For Fox Chase Elementary, it’s like someone pressed the ‘reset’ button. Raudenbush is back in the counselor’s chair, and the laid off fourth-grade teacher is back at the chalkboard.
First year principal Robert Caroselli called the transition “seamless,” but tempered the idea that the recall was cause for celebration. “The position of [full-time] counselor should have been there since day one,” he said.
At Masterman, Marcus says the transition from counselor-to-teacher-and-back-again has been “surreal.” Fortunately for Masterman’s students, she says, staff at the school went above and beyond to help fill the void in her absence.
“People who work in education, they just won’t let kids suffer,” said Marcus. “So other people step up to make sure the kids are getting what they need.”
Caroselli saw much the same behavior at Fox Chase. Now he worries that his under-resourced faculty will burn out as the school year grinds into the holiday season.
“It’s starting to take its toll on people,” Caroselli said. “How long will my staff last?”
In limbo
Despite some recalls, district wide, the issue persists.
According to information obtained through a right-to-know request, WHYY/Newsworks learned that 38 counselors were force transferred into teaching positions at the conclusion of the 2012-2013 school year.
Of that number, the district says 20 have been/will be restored to their counseling positions, and 18 are slated to continue teaching through the remainder of the year.

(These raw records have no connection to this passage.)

(* Let $G$ be a finite group and let $\operatorname P$ and $\operatorname R$ be projection operators on the group algebra $\mathbb C G$. If $\operatorname P$ commutes with the projection onto each group element (i.e. onto the span of each basis vector $g\in G$), and $\operatorname R$ commutes with left multiplication by every element of $G$, then $$\|\operatorname{PR}\|^2\le \frac{\operatorname{rank}\operatorname P\cdot\operatorname{rank}\operatorname R}{|G|}.$$
   Context: $\mathbb C G$ is identified with $L^2(G)$ (functions on $G$), with the group elements forming an orthonormal basis; ''projection operator'' means orthogonal projection (self-adjoint idempotent). Left multiplication by $x$ is $[\operatorname L_x f](y)=f(x^{-1}y)$. $\|\cdot\|$ denotes operator norm. *)

From HB Require Import structures.
From mathcomp Require Import all_boot all_order all_fingroup all_algebra.
From mathcomp Require Import classical_sets reals.
From mathcomp Require Import complex.
Set Implicit Arguments. Unset Strict Implicit. Unset Printing Implicit Defensive.
Import Order.TTheory GRing.Theory Num.Theory.
Local Open Scope ring_scope.

(* C G = L^2(G) is modelled as column vectors 'cV[R[i]]_#|gT|, where the
   coordinate i corresponds to the group element enum_val i (the group
   elements form the orthonormal standard basis). *)

Section Defs.
Variable R : realType.
Local Notation C := R[i].

Definition adjmx {n} (A : 'M[C]_n) : 'M[C]_n := \matrix_(i, j) (A j i)^*%C.

Definition is_projection {n} (A : 'M[C]_n) : Prop :=
  A *m A = A /\ adjmx A = A.

Definition vnorm {n} (v : 'cV[C]_n) : R :=
  Num.sqrt (\sum_i Normc.normc (v i 0) ^+ 2).

Definition opnorm {n} (A : 'M[C]_n) : R :=
  sup [set vnorm (A *m v) | v in [set v : 'cV[C]_n | vnorm v <= 1]]%classic.

Variable gT : finGroupType.

(* left multiplication: [L_x f](y) = f(x^-1 y), i.e. L_x e_g = e_{x g} *)
Definition leftmul (x : gT) : 'M[C]_#|gT| :=
  \matrix_(i, j) ((enum_val i == x * enum_val j)%g)%:R.

Definition elt_proj (g : gT) : 'M[C]_#|gT| :=
  delta_mx (enum_rank g) (enum_rank g).

End Defs.

From HB Require Import structures.
From mathcomp Require Import all_boot all_order all_fingroup all_algebra.
From mathcomp Require Import classical_sets reals.
From mathcomp Require Import complex.
From mathcomp Require Import ring.
Set Implicit Arguments. Unset Strict Implicit. Unset Printing Implicit Defensive.
Import Order.TTheory GRing.Theory Num.Theory.
Local Open Scope ring_scope.

(* Commuting with the coordinate projections makes P diagonal, so
   |PQv|^2 = sum_g |P_gg|^2 |(Qv)_g|^2 <= (sum_g |P_gg|^2) c |v|^2 by
   Cauchy-Schwarz, where c bounds the squared norms of the rows of Q.  For an
   orthogonal projection A the squared norm of row g is A_gg, so
   sum_g |P_gg|^2 = tr P = rank P; and commuting with left translations makes
   the diagonal of Q constant, whence c = tr Q / |G| = rank Q / |G|. *)

Lemma sqr_sum_mul_le (R : realFieldType) n (x y : 'I_n -> R) :
  (\sum_i x i * y i) ^+ 2 <= (\sum_i x i ^+ 2) * (\sum_i y i ^+ 2).
Proof.
set A := \sum_i x i ^+ 2; set B := \sum_i y i ^+ 2; set T := \sum_i x i * y i.
have lagrange_id :
    \sum_i \sum_j (x i * y j - x j * y i) ^+ 2 = 2 * (A * B - T ^+ 2).
  transitivity (\sum_i (x i ^+ 2 * B + A * y i ^+ 2 - 2 * (x i * y i) * T)).
    apply: eq_bigr => i _.
    rewrite /A /B /T mulr_sumr mulr_suml mulr_sumr -big_split -sumrB /=.
    by apply: eq_bigr => j _; ring.
  rewrite sumrB big_split /= -mulr_sumr -!mulr_suml -mulr_sumr -/A -/B -/T.
  by ring.
have : 0 <= 2 * (A * B - T ^+ 2).
  by rewrite -lagrange_id; do 2!apply: sumr_ge0 => ? _; apply: sqr_ge0.
by rewrite pmulr_rge0 // subr_ge0.
Qed.

Section TraceIdempotent.
Variables (F : fieldType) (n : nat).

Lemma mxtrace_pid r : (r <= n)%N -> \tr (pid_mx r : 'M[F]_n) = r%:R.
Proof.
move=> le_rn; rewrite /mxtrace.
under eq_bigr => i _ do rewrite mxE eqxx /=.
rewrite -[r in RHS]card_ord -sumr_const (big_ord_widen n (fun=> 1) le_rn).
by rewrite [RHS]big_mkcond; apply: eq_bigr => i _; case: ltnP.
Qed.

Lemma mxtrace_idem (A : 'M[F]_n) : A *m A = A -> \tr A = (\rank A)%:R.
Proof.
move=> AA; have eA := mulmx_ebase A.
set L := col_ebase A in eA; set U := row_ebase A in eA.
set r := \rank A in eA *.
have le_rn : (r <= n)%N by apply: rank_leq_row.
have pid_UL_pid : pid_mx r *m (U *m L) *m pid_mx r = pid_mx r :> 'M_n.
  apply: (can_inj (mulmxK (row_ebase_unit A))).
  apply: (can_inj (mulKmx (col_ebase_unit A))).
  by rewrite !mulmxA eA -2!mulmxA [L *m _]mulmxA eA AA.
rewrite -eA mxtrace_mulC mulmxA mxtrace_mulC -{1}(pid_mx_id _ _ _ le_rn).
by rewrite -mulmxA mxtrace_mulC -mulmxA mulmxA pid_UL_pid mxtrace_pid.
Qed.

End TraceIdempotent.

Section DeltaSums.
Variables (R : pzSemiRingType) (n : nat).

Lemma sum_mul_delta_r (F : 'I_n -> R) i : \sum_k F k * (k == i)%:R = F i.
Proof.
rewrite (bigD1 i) //= eqxx mulr1 big1 ?addr0 // => k /negbTE ->.
by rewrite mulr0.
Qed.

Lemma sum_delta_mul_l (F : 'I_n -> R) i : \sum_k (k == i)%:R * F k = F i.
Proof.
rewrite (bigD1 i) //= eqxx mul1r big1 ?addr0 // => k /negbTE ->.
by rewrite mul0r.
Qed.

Lemma commute_delta_mx_diag (A : 'M[R]_n) :
  (forall i, A *m delta_mx i i = delta_mx i i *m A) ->
  forall i j, i != j -> A i j = 0.
Proof.
move=> commA i j neq_ij; have := congr1 (fun M : 'M_n => M i j) (commA j).
rewrite /= !mxE; under eq_bigr => k _ do rewrite mxE eqxx andbT.
under [in RHS]eq_bigr => k _ do rewrite mxE (negbTE neq_ij) mul0r.
by rewrite sum_mul_delta_r big1.
Qed.

End DeltaSums.

Section ComplexMatrices.
Variable R : realType.
Local Notation C := R[i].
Local Notation nc := (@Normc.normc R).

Lemma normc_ge0 (z : C) : 0 <= nc z.
Proof. by case: z => a b; apply: sqrtr_ge0. Qed.

Lemma normcE_real (z : C) : (nc z)%:C%C = `|z|.
Proof. by case: z => a b; rewrite normc_def. Qed.

Lemma sqr_normcE_real (z : C) : (nc z ^+ 2)%:C%C = z * z^*%C.
Proof. by rewrite rmorphXn /= normcE_real sqr_normc. Qed.

Lemma normc_sum (I : Type) (r : seq I) (F : I -> C) :
  nc (\sum_(i <- r) F i) <= \sum_(i <- r) nc (F i).
Proof.
apply: (big_ind2 (fun z b => nc z <= b)) => // [|z1 b1 z2 b2 le1 le2].
  by rewrite Normc.normc0.
by apply: le_trans (le_normcD _ _) _; apply: lerD.
Qed.

Lemma vnorm_sqr n (v : 'cV[C]_n) : vnorm v ^+ 2 = \sum_i nc (v i 0) ^+ 2.
Proof. by rewrite sqr_sqrtr // sumr_ge0 // => i _; apply: sqr_ge0. Qed.

Lemma sqr_normc_mulmx_le n (A : 'M[C]_n) (v : 'cV[C]_n) g :
  nc ((A *m v) g 0) ^+ 2 <= (\sum_h nc (A g h) ^+ 2) * vnorm v ^+ 2.
Proof.
rewrite vnorm_sqr.
apply: le_trans (sqr_sum_mul_le (fun h => nc (A g h)) (fun h => nc (v h 0))).
rewrite ler_sqr ?nnegrE ?normc_ge0 ?sumr_ge0 // => [|h _]; last first.
  by rewrite mulr_ge0 ?normc_ge0.
rewrite mxE; apply: le_trans (normc_sum _ _) _.
by apply: ler_sum => h _; rewrite Normc.normcM.
Qed.

Lemma projection_row_sqr_normc n (A : 'M[C]_n) g : is_projection A ->
  (\sum_h nc (A g h) ^+ 2)%:C%C = A g g.
Proof.
case=> AA adjA; transitivity ((A *m adjmx A) g g); last by rewrite adjA AA.
rewrite rmorph_sum mxE; apply: eq_bigr => h _ /=.
by rewrite sqr_normcE_real mxE.
Qed.

Lemma projection_sqr_normc_sum n (A : 'M[C]_n) : is_projection A ->
  \sum_g \sum_h nc (A g h) ^+ 2 = (\rank A)%:R.
Proof.
move=> projA; apply: complexI; rewrite rmorph_sum rmorph_nat /=.
rewrite -mxtrace_idem; last by case: projA.
by apply: eq_bigr => g _; apply: projection_row_sqr_normc.
Qed.

Lemma diag_mulmx_vnorm_le n (D A : 'M[C]_n) (c : R) (v : 'cV[C]_n) :
  (forall i j, i != j -> D i j = 0) ->
  (forall g, \sum_h nc (A g h) ^+ 2 <= c) ->
  vnorm (D *m A *m v) ^+ 2 <= (\sum_g nc (D g g) ^+ 2) * c * vnorm v ^+ 2.
Proof.
move=> diagD rowA; rewrite vnorm_sqr mulr_suml mulr_suml -mulmxA.
apply: ler_sum => g _; rewrite mxE (bigD1 g) //= big1 ?addr0; last first.
  by move=> h /negbTE neq_hg; rewrite diagD ?mul0r // eq_sym neq_hg.
rewrite Normc.normcM exprMn -mulrA ler_wpM2l ?exprn_ge0 ?normc_ge0 //.
apply: le_trans (sqr_normc_mulmx_le _ _ _) _.
by rewrite ler_wpM2r ?exprn_ge0 ?sqrtr_ge0.
Qed.

Lemma opnorm_sqr_le n (A : 'M[C]_n) (b : R) :
  (forall v, vnorm v <= 1 -> vnorm (A *m v) ^+ 2 <= b) -> opnorm A ^+ 2 <= b.
Proof.
move=> bndA; rewrite /opnorm; set E := (X in sup X).
have vnorm0 : vnorm (0 : 'cV[C]_n) = 0.
  by rewrite /vnorm big1 ?sqrtr0 // => h _; rewrite mxE Normc.normc0 expr0n.
have E0 : E 0 by exists 0; rewrite /= ?mulmx0 vnorm0 ?ler01.
have b_ge0 : 0 <= b.
  by apply: le_trans (bndA 0 _); rewrite ?mulmx0 vnorm0 ?expr0n ?ler01.
have ubE : ubound E (Num.sqrt b).
  move=> _ [v /bndA le_b <-]; rewrite -ler_sqr ?nnegrE ?sqrtr_ge0 //.
  by rewrite (sqr_sqrtr b_ge0).
have sup_ge0 : 0 <= sup E by apply: ub_le_sup => //; exists (Num.sqrt b).
rewrite -(sqr_sqrtr b_ge0) ler_sqr ?nnegrE ?sqrtr_ge0 //.
by apply: ge_sup => //; exists 0.
Qed.

End ComplexMatrices.

Section GroupAlgebra.
Variables (R : realType) (gT : finGroupType).
Local Notation C := R[i].
Local Notation n := #|gT|.

Lemma mulmx_leftmulE (M : 'M[C]_n) x i j :
  (M *m leftmul R x) i j = M i (enum_rank (x * enum_val j)%g).
Proof.
rewrite mxE -[RHS](sum_mul_delta_r (M i)); apply: eq_bigr => k _.
by rewrite mxE -(inj_eq enum_val_inj) enum_rankK.
Qed.

Lemma leftmul_mulmxE (M : 'M[C]_n) x i j :
  (leftmul R x *m M) i j = M (enum_rank (x^-1 * enum_val i)%g) j.
Proof.
rewrite mxE -[RHS](sum_delta_mul_l (M^~ j)); apply: eq_bigr => k _.
rewrite mxE -(inj_eq enum_val_inj) enum_rankK.
by rewrite -[enum_val k == _](inj_eq (mulgI x)) mulKVg eq_sym.
Qed.

Lemma commute_elt_proj_diag (P : 'M[C]_n) :
  (forall g, P *m elt_proj R g = elt_proj R g *m P) ->
  forall i j, i != j -> P i j = 0.
Proof.
move=> commP; apply: commute_delta_mx_diag => i.
by rewrite -(enum_valK i); apply: commP.
Qed.

Lemma commute_leftmul_diag_const (Q : 'M[C]_n) :
  (forall x, Q *m leftmul R x = leftmul R x *m Q) ->
  forall i, Q i i = Q (enum_rank 1%g) (enum_rank 1%g).
Proof.
move=> commQ i.
have := congr1 (fun M : 'M_n => M i (enum_rank 1%g)) (commQ (enum_val i)).
by rewrite /= mulmx_leftmulE leftmul_mulmxE !enum_rankK mulg1 enum_valK mulVg.
Qed.

End GroupAlgebra.

Theorem corollary1 (R : realType) (gT : finGroupType)
    (P Q : 'M[R[i]]_#|gT|) :
  is_projection P -> is_projection Q ->
  (forall g : gT, P *m elt_proj R g = elt_proj R g *m P) ->
  (forall x : gT, Q *m leftmul R x = leftmul R x *m Q) ->
  opnorm (P *m Q) ^+ 2 <= ((\rank P * \rank Q)%:R / #|gT|%:R).
Proof.
move=> projP projQ /commute_elt_proj_diag diagP.
move=> /commute_leftmul_diag_const constQ.
set i1 := enum_rank (1%g : gT); set c := \sum_h Normc.normc (Q i1 h) ^+ 2.
have rowQ g : \sum_h Normc.normc (Q g h) ^+ 2 = c.
  by apply: complexI; rewrite !projection_row_sqr_normc // constQ.
have rankQ : c *+ #|gT| = (\rank Q)%:R.
  rewrite -projection_sqr_normc_sum // (eq_bigr _ (fun g _ => rowQ g)).
  by rewrite sumr_const card_ord.
have rankP : \sum_g Normc.normc (P g g) ^+ 2 = (\rank P)%:R.
  rewrite -projection_sqr_normc_sum //; apply: eq_bigr => g _.
  rewrite (bigD1 g) //= big1 ?addr0 // => h neq_hg.
  by rewrite diagP 1?eq_sym // Normc.normc0 expr0n.
have G_gt0 : (0 < #|gT|)%N by apply/card_gt0P; exists 1%g.
apply: opnorm_sqr_le => v le_v1.
have rowQ_le g : \sum_h Normc.normc (Q g h) ^+ 2 <= c by rewrite rowQ.
apply: le_trans (diag_mulmx_vnorm_le v diagP rowQ_le) _.
rewrite rankP natrM -rankQ -[c *+ _]mulr_natr [in X in _ <= X]mulrA.
rewrite mulfK ?pnatr_eq0 -?lt0n //.
have c_ge0 : 0 <= c by apply: sumr_ge0 => h _; apply: sqr_ge0.
by rewrite ler_piMr ?mulr_ge0 ?ler0n // exprn_ile1 ?sqrtr_ge0.
Qed.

But as Sydney Bassman is learning, the restoration process isn’t always automatic.
For the first two months of school, Bassman has been a special-education teacher at Finletter Elementary in Olney. The district now tells her it will restore her as guidance counselor at Bodine High School, but only when it finds a special-education teacher to fill her spot at Finletter.
In the meantime, the itinerant counselor who had been serving Bodine – a magnet with a high rate of college-going students – has been reassigned.
“It is now more than a week since I was told that I was ‘restored.’ I am still teaching at the elementary school, and my former school has NO COUNSELOR,” Bassman wrote in an email late last week. “Students are approaching college application deadlines now with no school counselor in place.”
District spokesman Gallard confirmed that there are currently five counselors who the district intends to restore once an adequate replacement can be found – a prospect he says has been traditionally more difficult for vacancies in special education.
Gallard said the district was “fairly sure” that it would have those positions filled “within a week or two.”
In the meantime, Bassman can’t believe that the district would allow a top-performing magnet school such as Bodine to operate without a counselor.
“It seems like they are putting the students of Philadelphia at the bottom of the priority list,” said Bassman, “and it scares me a lot.”